Lemma finPOrder_lt_ind d (P : finPOrderType d) (Q : P -> Prop) :
  (forall v, (forall w, (w < v)%O -> Q w) -> Q v) -> forall v, Q v.
Proof.
move=> IH v; have [n] := ubnP #|[set w | (w < v)%O]|.
elim: n v => // n IHn v ltv; apply: IH => w ltwv; apply: IHn.
have ltwv_card : (#|[set w' | (w' < w)%O]| < #|[set w | (w < v)%O]|)%N.
  apply: proper_card; apply/properP; split.
    by apply/subsetP => w'; rewrite !inE => /lt_trans; apply.
  by exists w; rewrite !inE ?ltwv ?ltxx.
by apply: leq_trans ltwv_card _; rewrite -ltnS.
Qed.

Lemma finPOrder_gt_ind d (P : finPOrderType d) (Q : P -> Prop) :
  (forall v, (forall w, (v < w)%O -> Q w) -> Q v) -> forall v, Q v.
Proof. by move=> IH; apply: (@finPOrder_lt_ind _ P^d) => v IHv; apply: IH => w; apply: IHv. Qed.

Section SingleSupport.
Variables (T : finType) (V : nmodType).

Lemma sum_single (F : T -> V) (C : pred T) b :
  (forall y, C y -> y != b -> F y = 0) -> \sum_(y | C y) F y = if C b then F b else 0.
Proof.
move=> F0; case: ifPn => Cb.
  by rewrite (bigD1 b) //= [X in _ + X]big1 ?addr0 // => y /andP[]; apply: F0.
by apply: big1 => y Cy; apply: F0 => //; apply: contraNneq Cb => <-.
Qed.

Lemma sum2_fst_single (F : T -> T -> V) (C : T -> T -> bool) a :
  (forall y1 y2, C y1 y2 -> y1 != a -> F y1 y2 = 0) ->
  \sum_y1 \sum_(y2 | C y1 y2) F y1 y2 = \sum_(y2 | C a y2) F a y2.
Proof.
move=> F0; rewrite (bigD1 a) //= [X in _ + X]big1 ?addr0 // => y1 y1a.
by apply: big1 => y2 C12; apply: F0.
Qed.

Lemma sum2_snd_single (F : T -> T -> V) (C : T -> T -> bool) b :
  (forall y1 y2, C y1 y2 -> y2 != b -> F y1 y2 = 0) ->
  \sum_y1 \sum_(y2 | C y1 y2) F y1 y2 = \sum_(y1 | C y1 b) F y1 b.
Proof.
move=> F0; rewrite [RHS]big_mkcond; apply: eq_bigr => y1 _.
by apply: sum_single => y2; apply: F0.
Qed.

Lemma sum2_single (F : T -> T -> V) (C : T -> T -> bool) a b :
  (forall y1 y2, C y1 y2 -> (y1 != a) || (y2 != b) -> F y1 y2 = 0) ->
  \sum_y1 \sum_(y2 | C y1 y2) F y1 y2 = if C a b then F a b else 0.
Proof.
move=> F0; rewrite (sum2_fst_single (a := a)) => [|y1 y2 C12 y1a]; last by rewrite F0 ?y1a.
by apply: sum_single => y2 Cy2 y2b; rewrite F0 ?y2b ?orbT.
Qed.

End SingleSupport.

Section IncidenceAlgebra.
Variables (d : Order.disp_t) (P : finPOrderType d) (R : comNzRingType).
Local Notation A := (I3 P R).
Local Notation "f ** g" := (I3mul f g) (at level 40, left associativity).
Implicit Types (f g h k u : A) (a b c v w x y z : P).

Definition I3delta a b c : A := [ffun t => if val t == (a, b, c) then 1 else 0].
Local Notation "''e_' x" := (I3delta x x x) (at level 8, x at level 2, format "''e_' x").

Definition I3deltaT (t : trip P) : A := I3delta (val t).1.1 (val t).1.2 (val t).2.

Definition I3scale (r : R) f : A := [ffun t => r * f t].

Lemma tripE (p : P * P * P) : (p.1.1, p.1.2, p.2) = p.
Proof. by case: p => [[]]. Qed.

Variant I3ev_spec x y z : Prop :=
  | I3ev_inside (t : trip P) of val t = (x, y, z) & forall f, I3ev f x y z = f t
  | I3ev_outside of ~~ (x <= y <= z)%O & forall f, I3ev f x y z = 0.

• **What is required**
Within the records, on how many lines does the word "case" appear? Provide the number alone.

• **Exercise result**
2